# Moka coffee from a machine that also makes espresso?



## RandomPunter (Jul 2, 2016)

I am considering a new coffee machine but drink as much moka as espresso. Probably more. All the coffee machines I see refer to espresso, cappuccino etc but no mention of moka. Would love to have a machine to produce quality moka and espresso etc. My thoughts were that moka uses a lower pressure but essentially it's the same process otherwise. That correct? Therefore... A pressure adjustable coffee machine could do both in theory. BUT... I am a complete novice which is why I have come to this forum to see if I am on the right path, if there is anything out there and generally get some help! Thanks


----------



## 4085 (Nov 23, 2012)

can you explain to use exactly what you mean by Moka and how you make it


----------



## MWJB (Feb 28, 2012)

An espresso machine can make a stronger drink, with crema. Perhaps make espresso, dilute with hot water to the same strength as you like your moka pot brews & skim off the crema?


----------



## RandomPunter (Jul 2, 2016)

I make it with the traditional stove top bialetti moka pot.


----------



## RandomPunter (Jul 2, 2016)

I have never tried watering down espresso to create a moka. I will give it a go but confidence is low in that idea (but never say never so thanks for the suggestion)


----------



## MWJB (Feb 28, 2012)

RandomPunter said:


> I have never tried watering down espresso to create a moka. I will give it a go but confidence is low in that idea (but never say never so thanks for the suggestion)


It's not to create a moka, it's to lower the strength of the espresso, if needed, closer to what a moka makes. Adding water to a cup of coffee makes the coffee weaker always, to 100% confidence limits. 

E.g. a moka pot might make ~40g of coffee per "cup", from maybe 7-9g of grounds. A typical espresso may be twice this strength.
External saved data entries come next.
(* Let $\epsilon_1>0$ and let $u$ be a utility function on contexts of sensitivity $\Delta u\le1$ (context population size $|D_C|$ or overlap $|D_C\cap D_{C_V}|$ with a fixed starting context $C_V$, set to $-\infty$ on non-matching contexts). Consider the Uniform Sampling algorithm: starting with an empty multiset $C_M$, repeatedly draw a context $C$ by setting each of its $t$ bits independently to $1$ with probability $1/2$ and to $0$ otherwise, adding $C$ to $C_M$ whenever $f_M(D_C,V)=\mathrm{true}$, as long as $|C_M|\le n$; then output $\mathrm{Exp}^{\epsilon_1}_u(D,C_M)$. Then this algorithm satisfies $(2\epsilon_1,\ COE_M(\cdot,V))$-Output Constrained Differential Privacy.
   Context: Dataset $D$ over categorical attributes $A_1,\dots,A_m$ (domain sizes $|A_i|$, all possible values) and metric attribute $M$; $t=\sum_i|A_i|$. A context is a binary vector of length $t$, $c_{ij}=1$ meaning the $j$-th value of $A_i$ is selected; $D_C$ is the set of tuples of $D$ whose value in every $A_i$ is selected by $C$. $f_M(D_C,V)$ is a deterministic test of whether record $V$ is an outlier in $D_C$ w.r.t. $M$. $COE_M(D,V)$ is the set of contexts $C$ with $V\in D_C$ and $f_M(D_C,V)=\mathrm{true}$. $n$ is the desired number of samples. Sensitivity: $\Delta u=\max|u(D_1,r)-u(D_2,r)|$ over neighboring datasets (differing by adding/removing one record) and outputs $r$. $\mathrm{Exp}^{\epsilon}_u(D,\mathcal R)$ outputs $r\in\mathcal R$ with probability $\exp(\epsilon u(D,r)/(2\Delta u))/\sum_{r'\in\mathcal R}\exp(\epsilon u(D,r')/(2\Delta u))$. $D_1,D_2$ are $f$-neighbors if they differ by adding/removing one record and $f(D_1)=f(D_2)\ne\emptyset$; $\mathcal M$ satisfies $(\epsilon,f)$-Output Constrained Differential Privacy if $\Pr[\mathcal M(D_1)\in S]\le e^\epsilon\Pr[\mathcal M(D_2)\in S]$ for all $f$-neighbors $D_1,D_2$ and all output sets $S$. *)

From HB Require Import structures.
From mathcomp Require Import all_boot all_order all_algebra.
From mathcomp Require Import all_classical all_reals all_analysis.
Set Implicit Arguments. Unset Strict Implicit. Unset Printing Implicit Defensive.
Import Order.TTheory GRing.Theory Num.Theory.
Local Open Scope ring_scope.

Section Defs.
Variables (m : nat) (k : 'I_m -> nat) (Mt : eqType).

(* (attribute index i, value index j) : the bit c_ij of a context *)
Definition pair_t := {i : 'I_m & 'I_(k i)}.
Definition tbits : nat := #|{: pair_t}|.
(* A context: binary vector of length t, represented as the set of bits set to 1 *)
Definition context := {set pair_t}.
(* A record: a value for every categorical attribute A_i, and a metric value *)
Definition record := ({dffun forall i : 'I_m, 'I_(k i)} * Mt)%type.
Definition dataset := seq record.

Definition selects (C : context) (x : record) : bool :=
  [forall i : 'I_m, Tagged (fun i => 'I_(k i)) (x.1 i) \in C].
Definition restrictC (D : dataset) (C : context) : dataset :=
  [seq x <- D | selects C x].

Definition COE (f : dataset -> record -> bool) (D : dataset) (V : record)
  : {set context} :=
  [set C | (V \in restrictC D C) && f (restrictC D C) V].

Definition neighbors (D1 D2 : dataset) : Prop :=
  exists x : record, perm_eq D2 (x :: D1) \/ perm_eq D1 (x :: D2).

Definition COE_neighbors f V (D1 D2 : dataset) : Prop :=
  neighbors D1 D2 /\ COE f D1 V = COE f D2 V /\ COE f D1 V != finset.set0.

Variable R : realType.

(* Exponential mechanism over a multiset s of contexts (each occurrence is a
   candidate): probability that it outputs r *)
Definition exp_mech (eps du : R) (u : dataset -> context -> R) (D : dataset)
  (s : seq context) (r : context) : R :=
  (\sum_(c <- s | c == r) expR (eps * u D c / (2 * du))) /
  (\sum_(c <- s) expR (eps * u D c / (2 * du))).

(* probability of one drawn context: each of the t bits is 1 w.p. 1/2 *)
Definition draw_prob : R := (2^-1) ^+ tbits.

Definition accepted f (D : dataset) (V : record) (h : seq context) : seq context :=
  [seq C <- h | f (restrictC D C) V && (V \in restrictC D C)].

(* the loop "while |C_M| <= n" stops exactly after the L-th draw *)
Definition stops_at f D V n L (h : L.-tuple context) : bool :=
  (size (accepted f D V h) == n.+1) &&
  (size (accepted f D V (take L.-1 h)) == n).

Definition unif_sampling_prob (eps1 du : R) (u : dataset -> context -> R)
  f V (n : nat) (D : dataset) (r : context) : \bar R :=
  (\sum_(L <oo)
     ((\sum_(h : L.-tuple context | stops_at f D V n h)
          draw_prob ^+ L * exp_mech eps1 du u D (accepted f D V h) r)%:E))%E.

Definition OCDP (eps : R) f V (M : dataset -> context -> \bar R) : Prop :=
  forall D1 D2 : dataset, COE_neighbors f V D1 D2 ->
  forall S : {set context},
    (\sum_(r in S) M D1 r <= (expR eps)%:E * \sum_(r in S) M D2 r)%E.

End Defs.

From HB Require Import structures.
From mathcomp Require Import all_boot all_order all_algebra.
From mathcomp Require Import all_classical all_reals all_analysis.
From mathcomp Require Import ring lra.
Import Order.TTheory GRing.Theory Num.Theory.
Local Open Scope ring_scope.

(* The sampling loop sees the dataset only through the set COE_M(D,V) of
   contexts it accepts, and f-neighbours share that set: both runs stop on the
   same draw histories with the same multiset C_M.  Only the final exponential
   mechanism depends on D, and on every context of C_M the record V lies in
   both restrictions, so utilities differ by at most du and each output
   probability moves by a factor at most e^eps1 <= e^(2 eps1). *)

Lemma ler_sum_ratio (R : realFieldType) (I : eqType) (s : seq I) (P : pred I)
    (w1 w2 : I -> R) (a : R) :
  (forall c, 0 <= w1 c) -> (forall c, 0 <= w2 c) ->
  {in s, forall c, w1 c <= a * w2 c} -> {in s, forall c, w2 c <= a * w1 c} ->
  (\sum_(c <- s | P c) w1 c) / (\sum_(c <- s) w1 c) <=
  a * a * ((\sum_(c <- s | P c) w2 c) / (\sum_(c <- s) w2 c)).
Proof.
move=> w1_ge0 w2_ge0 w12 w21.
set N1 := \sum_(c <- s | P c) w1 c; set S1 := \sum_(c <- s) w1 c.
set N2 := \sum_(c <- s | P c) w2 c; set S2 := \sum_(c <- s) w2 c.
have sum_le (w w' : I -> R) (Q : pred I) :
    {in s, forall c, w c <= a * w' c} ->
    \sum_(c <- s | Q c) w c <= a * \sum_(c <- s | Q c) w' c.
  move=> ww'; rewrite mulr_sumr big_seq_cond [leRHS]big_seq_cond.
  by apply: ler_sum => c /andP[/ww'].
have N1_le : N1 <= a * N2 by exact: sum_le.
have S1_le : S1 <= a * S2 by exact: sum_le.
have S2_le : S2 <= a * S1 by exact: sum_le.
have N1_ge0 : 0 <= N1 by rewrite sumr_ge0.
have [S1_0 | S1_neq0] := eqVneq S1 0.
  rewrite S1_0 invr0 mulr0 mulr_ge0 ?divr_ge0 ?sumr_ge0 //.
  by rewrite -expr2 sqr_ge0.
have S1_gt0 : 0 < S1 by rewrite lt_def S1_neq0 sumr_ge0.
have S2_gt0 : 0 < S2.
  rewrite lt_def sumr_ge0 // andbT; apply: contraTneq S1_le => ->.
  by rewrite mulr0 -ltNge.
have -> : a * a * (N2 / S2) = (a * N2) * (a * S1) / (S1 * S2).
  by field; rewrite !gt_eqF.
have -> : N1 / S1 = N1 * S2 / (S1 * S2) by field; rewrite !gt_eqF.
rewrite ler_pM2r ?invr_gt0 ?mulr_gt0 //.
by apply: ler_pM => //; exact: ltW.
Qed.

Lemma expR_shift_le (R : realType) (eps du x y : R) :
  0 < eps -> 0 < du -> x - y <= du ->
  expR (eps * x / (2 * du)) <= expR (eps / 2) * expR (eps * y / (2 * du)).
Proof.
move=> eps_gt0 du_gt0 xy_le; rewrite -expRD ler_expR.
have -> : eps / 2 + eps * y / (2 * du) = eps * (du + y) / (2 * du).
  by field; rewrite gt_eqF.
by rewrite ler_pM2r ?invr_gt0 ?mulr_gt0 // ler_pM2l // -lerBlDr.
Qed.

Section UniformSampling.
Set Implicit Arguments. Unset Strict Implicit.
Variables (m : nat) (k : 'I_m -> nat) (Mt : eqType) (R : realType).
Implicit Types (D : dataset k Mt) (s : seq (context k)).

Lemma exp_mech_ge0 (eps du : R) (u : dataset k Mt -> context k -> R) D s r :
  0 <= exp_mech eps du u D s r.
Proof. by rewrite divr_ge0 // sumr_ge0 // => c _; rewrite expR_ge0. Qed.

Lemma exp_mech_le (eps du : R) (u : dataset k Mt -> context k -> R) D1 D2 s r :
  0 < eps -> 0 < du -> {in s, forall c, `|u D1 c - u D2 c| <= du} ->
  exp_mech eps du u D1 s r <= expR eps * exp_mech eps du u D2 s r.
Proof.
move=> eps_gt0 du_gt0 u_near.
have <- : expR (eps / 2) * expR (eps / 2) = expR eps.
  by rewrite -expRD -splitr.
apply: ler_sum_ratio => [c|c|c /u_near|c /u_near]; rewrite ?expR_ge0 //.
  by move=> /(le_trans (ler_norm _)); apply: expR_shift_le.
by rewrite distrC => /(le_trans (ler_norm _)); apply: expR_shift_le.
Qed.

Lemma draw_prob_ge0 : 0 <= draw_prob k R.
Proof. by rewrite exprn_ge0 // invr_ge0. Qed.

Variables (f : dataset k Mt -> record k Mt -> bool) (V : record k Mt).

Lemma accepted_COE D h : accepted f D V h = [seq C <- h | C \in COE f D V].
Proof. by apply: eq_filter => C; rewrite inE andbC. Qed.

Lemma stops_at_COE D1 D2 : COE f D1 V = COE f D2 V ->
  forall n L (h : L.-tuple (context k)), stops_at f D1 V n h = stops_at f D2 V n h.
Proof. by move=> COE12 n L h; rewrite /stops_at !accepted_COE COE12. Qed.

Definition unif_sampling_term (eps du : R) (u : dataset k Mt -> context k -> R)
    n D r L : R :=
  \sum_(h : L.-tuple (context k) | stops_at f D V n h)
    draw_prob k R ^+ L * exp_mech eps du u D (accepted f D V h) r.

Lemma unif_sampling_term_ge0 (eps du : R) (u : dataset k Mt -> context k -> R)
    n D r L : 0 <= unif_sampling_term eps du u n D r L.
Proof.
by apply: sumr_ge0 => h _; rewrite mulr_ge0 ?exprn_ge0 ?exp_mech_ge0 ?draw_prob_ge0.
Qed.

Lemma unif_sampling_prob_ge0 (eps du : R) (u : dataset k Mt -> context k -> R)
    n D r : (0 <= unif_sampling_prob eps du u f V n D r)%E.
Proof. by apply: nneseries_ge0 => L _ _; rewrite lee_fin unif_sampling_term_ge0. Qed.

Lemma unif_sampling_prob_le (eps du : R) (u : dataset k Mt -> context k -> R)
    n D1 D2 r :
  0 < eps -> 0 < du -> COE f D1 V = COE f D2 V ->
  {in COE f D1 V, forall C, `|u D1 C - u D2 C| <= du} ->
  (unif_sampling_prob eps du u f V n D1 r <=
   (expR eps)%:E * unif_sampling_prob eps du u f V n D2 r)%E.
Proof.
move=> eps_gt0 du_gt0 COE12 u_near.
have term_ge0 D L : (0 <= (unif_sampling_term eps du u n D r L)%:E)%E.
  by rewrite lee_fin unif_sampling_term_ge0.
rewrite /unif_sampling_prob -nneseriesZl; last by move=> L _; exact: term_ge0.
apply: lee_nneseries => [L _ _|L _]; first exact: term_ge0.
rewrite lee_fin mulr_sumr; under eq_bigl do rewrite (stops_at_COE COE12).
apply: ler_sum => h _; rewrite [leRHS]mulrCA.
apply: ler_wpM2l; first by rewrite exprn_ge0 ?draw_prob_ge0.
have -> : accepted f D2 V h = accepted f D1 V h by rewrite !accepted_COE COE12.
apply: exp_mech_le => // C; rewrite accepted_COE mem_filter => /andP[+ _].
exact: u_near.
Qed.

End UniformSampling.

Theorem theorem4 (m : nat) (k : 'I_m -> nat) (Mt : eqType) (R : realType)
  (f : dataset k Mt -> record k Mt -> bool) (V : record k Mt)
  (u : dataset k Mt -> context k -> R) (du eps1 : R) (n : nat) :
  0 < eps1 -> 0 < du -> du <= 1 ->
  (forall D1 D2 : dataset k Mt, neighbors D1 D2 ->
     forall C : context k, V \in restrictC D1 C -> V \in restrictC D2 C ->
       `|u D1 C - u D2 C| <= du) ->
  OCDP (2 * eps1) f V (unif_sampling_prob eps1 du u f V n).
Proof.
move=> eps1_gt0 du_gt0 _ u_sens D1 D2 [D12 [COE12 _]] S.
have u_near : {in COE f D1 V, forall C, `|u D1 C - u D2 C| <= du}.
  move=> C C1; have C2 : C \in COE f D2 V by rewrite -COE12.
  move: C1 C2; rewrite !inE => /andP[V1 _] /andP[V2 _].
  exact: u_sens D12 C V1 V2.
have exp_le : expR eps1 <= expR (2 * eps1) by rewrite ler_expR; lra.
rewrite ge0_sume_distrr => [|r _]; last exact: unif_sampling_prob_ge0.
apply: lee_sum => r _.
apply: le_trans (unif_sampling_prob_le n r eps1_gt0 du_gt0 COE12 u_near) _.
by rewrite lee_wpmul2r ?unif_sampling_prob_ge0 ?lee_fin.
Qed.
Why though, spend hundreds on a machine to replicate a drink made in a £30 coffee maker?


----------



## RandomPunter (Jul 2, 2016)

Fair question. Right now I use my moka and an espresso machine that is struggling (it's a low cost lavazza capsule job, about 5 year old) so was looking at upgrading and therefore looked for one that would also do moka but not found anything. I found this strange as some machines are expensive and have plenty of options but moka seems simpler to produce than espresso (doesn't need as much pressure and no need for the crema). Keen to upgrade to enjoy some longer coffees using quality coffee so I am looking for flexibility in a new machine, not just an espresso machine. Ideally I wanted to be able to replicate the moka and have a quality milk frothed etc (wand on current machine is rubbish).


----------



## 4085 (Nov 23, 2012)

The taste from a Moka pot is pretty difficult to replicate. Made well, it can be short and intense. Personally, I drink maybe one Moka pot a week and the rest of the time dilute espresso into americanos


----------



## caramel (Jun 22, 2016)

Why not get an espresso machine for espresso and espresso based drinks and keep the moka pot for when the mood takes you?


----------



## Jochen (Jun 18, 2016)

Just put a double shot o espresso into a cup of hot water (long black it's called). I do this every morning as I don't like an espresso that early on the day. I love it!


----------



## RandomPunter (Jul 2, 2016)

Thanks - it'll save me the time looking for a machine that does everything!


----------



## RandomPunter (Jul 2, 2016)

That's the current setup, just thinking about investing in a bigger better machine and was thinking about bringing in a machine that would do moka as well but if not possible I will stick to what I have and use two methods.


----------



## Glenn (Jun 14, 2008)

Coffee from Moka Pots and Espresso are two very different drink types.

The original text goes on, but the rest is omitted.